Lemma quot_val_linear a (u v : Q) : J (val (a *: u + v) - (a * val u + val v)).
Proof.
elim/qproj_ind: u => r; elim/qproj_ind: v => s.
change (J (val (qadd (qscale a (qproj r)) (qproj s))
          - (a * val (qproj r) + val (qproj s)))).
rewrite qscaleE qaddE.
have -> : val (qproj (a * r + s)) - (a * val (qproj r) + val (qproj s)) =
  (val (qproj (a * r + s)) - (a * r + s)) - a * (val (qproj r) - r)
  - (val (qproj s) - s) by ring.
by apply: (idealB hJ); [apply: (idealB hJ); [|apply: (idealMl hJ)] |]; apply: qproj_valP.
Qed.

End QuotientModule.

Lemma tensor_vanishes_annihilated (R : comPzRingType) (M : lmodType R) (a : R) (m : M) :
  a *: m = 0 -> tensor_vanishes (fun=> True) (fun _ : 'I_1 => a : R^o) (fun=> m).
Proof.
move=> am0 P b [bl br]; rewrite big_ord1.
have -> : (a : R^o) = a *: (1 : R^o) + 0 by rewrite addr0 /GRing.scale /= mulr1.
rewrite bl // (linear_on0 _ (bl m)) // addr0.
have := br 1 I a m 0 I I.
by rewrite addr0 am0 (linear_on0 _ (br 1 I)) // addr0 => <-.
Qed.

Lemma ideal_scale (R : comPzRingType) (I : R -> Prop) (a : R) :
  is_ideal I -> is_ideal (fun z => exists2 i, I i & z = a * i).
Proof.
move=> hI; split.
- by exists 0; [apply: ideal0 | rewrite mulr0].
- move=> _ _ [i Ii ->] [j Ij ->]; exists (i - j); first exact: idealB.
  by rewrite mulrBr.
- move=> c _ [i Ii ->]; exists (c * i); first exact: idealMl.
  by rewrite mulrCA.
Qed.

Lemma pure_ideal_factor (R : comPzRingType) (I : R -> Prop) (hI : is_ideal I) :
  pure_ideal I -> forall a, I a -> exists2 b, I b & a = a * b.
Proof.
(* [a (x) 1] vanishes in [R (x) R/I], hence by flatness in [Ra (x) R/I]; the
   bilinear map [(x, m) |-> x m] from [Ra * R/I] to [R/aI] then puts [a] in [aI]. *)
move=> pI a Ia; have haI := ideal_scale a hI.
have flatQ := pI _ _ (qproj_linear hI) (@qproj_surj _ _ hI) (qproj_eq0 hI).
pose S (x : R^o) := exists r, x = r * a.
have hS : submodule S.
  split; first by exists 0; rewrite mul0r.
    by move=> _ _ [r ->] [s ->]; exists (r + s); rewrite mulrDl.
  by move=> c _ [r ->]; exists (c * r); rewrite -mulrA.
pose b (x : R^o) (m : quot_module hI) := qproj haI (x * val m).
have bil : bilinear_on S b.
  split=> [m c x y _ _ | _ [r ->] c m m' _ _]; rewrite /b qprojZ qprojD.
    by congr qproj; change ((c * x + y : R) * val m = c * (x * val m) + y * val m); ring.
  apply: qproj_eq; set d := val (c *: m + m') - (c * val m + val m').
  by exists (r * d); [exact: idealMl hI r _ (quot_val_linear c m m') | rewrite /d; ring].
have Sa (i : 'I_1) : S a by exists 1; rewrite mul1r.
have a1 : a *: qproj hI 1 = 0 by rewrite qprojZ mulr1; apply/qproj_eq0.
have := flatQ _ S hS _ _ _ Sa (tensor_vanishes_annihilated a1) _ b bil.
rewrite big_ord1 => /qproj_eq0 [i Ii ai].
exists (i - (val (qproj hI 1) - 1)); first by apply: (idealB hI) => //; apply: qproj_valP.
by rewrite mulrBr -ai; ring.
Qed.

Section LocalUnits.
Variables (R : comPzRingType) (I : R -> Prop) (hI : is_ideal I).
Hypothesis Ifactor : forall a, I a -> exists2 b, I b & a = a * b.

Lemma ideal_local_unit (s : seq R) :
  all (fun x => `[< I x >]) s -> exists2 e, I e & forall x, x \in s -> x * e = x.
Proof.
elim: s => [_|y s IHs /= /andP[/asboolP Iy /IHs[e Ie es]]].
  by exists 0 => //; apply: ideal0.
have [b Ib yb] := Ifactor Iy.
exists (e + b - e * b); first by apply: (idealB hI); [apply: idealD | apply: idealMl].
move=> x; rewrite inE => /predU1P[-> | /es xe].
  have -> : y * (e + b - e * b) = y * b + y * e - y * b * e by ring.
  by rewrite -yb addrK.
have -> : x * (e + b - e * b) = x * e + x * b - x * e * b by ring.
by rewrite xe addrK.
Qed.

Lemma fg_ideal_unit : fg_ideal I -> exists2 e, I e & forall x, I x -> e * x = x.
Proof.
move=> [n [g hg]]; have Ig := fg_ideal_generators hg.
have [|e Ie ge] := @ideal_local_unit [seq g i | i <- enum 'I_n].
  by apply/allP => _ /mapP[i _ ->]; apply/asboolP.
exists e => // _ /hg[c ->]; rewrite mulr_sumr; apply: eq_bigr => i _.
by rewrite mulrCA [e * _]mulrC ge // map_f // mem_enum.
Qed.

End LocalUnits.

Theorem corollary2p5 (R : comPzRingType) (I : R -> Prop) (hI : is_ideal I) :
  fg_ideal I -> pure_ideal I ->
  (semihereditary R <-> semihereditary (R ⋈ hI)).
Proof.
move=> fgI pI; have [e Ie eK] := fg_ideal_unit hI (pure_ideal_factor hI pI) fgI.
split; first exact: dup_semihereditary Ie eK.
exact: semihereditary_of_dup.
Qed.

· · · ·

Find the line with "Hypothesis Ifactor : forall" in the entries above. Retype it and each line after it, exactly, through the line with "fg_ideal I -> pure_ideal I ->", and stop there.

Hypothesis Ifactor : forall a, I a -> exists2 b, I b & a = a * b.

Lemma ideal_local_unit (s : seq R) :
  all (fun x => `[< I x >]) s -> exists2 e, I e & forall x, x \in s -> x * e = x.
Proof.
elim: s => [_|y s IHs /= /andP[/asboolP Iy /IHs[e Ie es]]].
  by exists 0 => //; apply: ideal0.
have [b Ib yb] := Ifactor Iy.
exists (e + b - e * b); first by apply: (idealB hI); [apply: idealD | apply: idealMl].
move=> x; rewrite inE => /predU1P[-> | /es xe].
  have -> : y * (e + b - e * b) = y * b + y * e - y * b * e by ring.
  by rewrite -yb addrK.
have -> : x * (e + b - e * b) = x * e + x * b - x * e * b by ring.
by rewrite xe addrK.
Qed.

Lemma fg_ideal_unit : fg_ideal I -> exists2 e, I e & forall x, I x -> e * x = x.
Proof.
move=> [n [g hg]]; have Ig := fg_ideal_generators hg.
have [|e Ie ge] := @ideal_local_unit [seq g i | i <- enum 'I_n].
  by apply/allP => _ /mapP[i _ ->]; apply/asboolP.
exists e => // _ /hg[c ->]; rewrite mulr_sumr; apply: eq_bigr => i _.
by rewrite mulrCA [e * _]mulrC ge // map_f // mem_enum.
Qed.

End LocalUnits.

Theorem corollary2p5 (R : comPzRingType) (I : R -> Prop) (hI : is_ideal I) :
  fg_ideal I -> pure_ideal I ->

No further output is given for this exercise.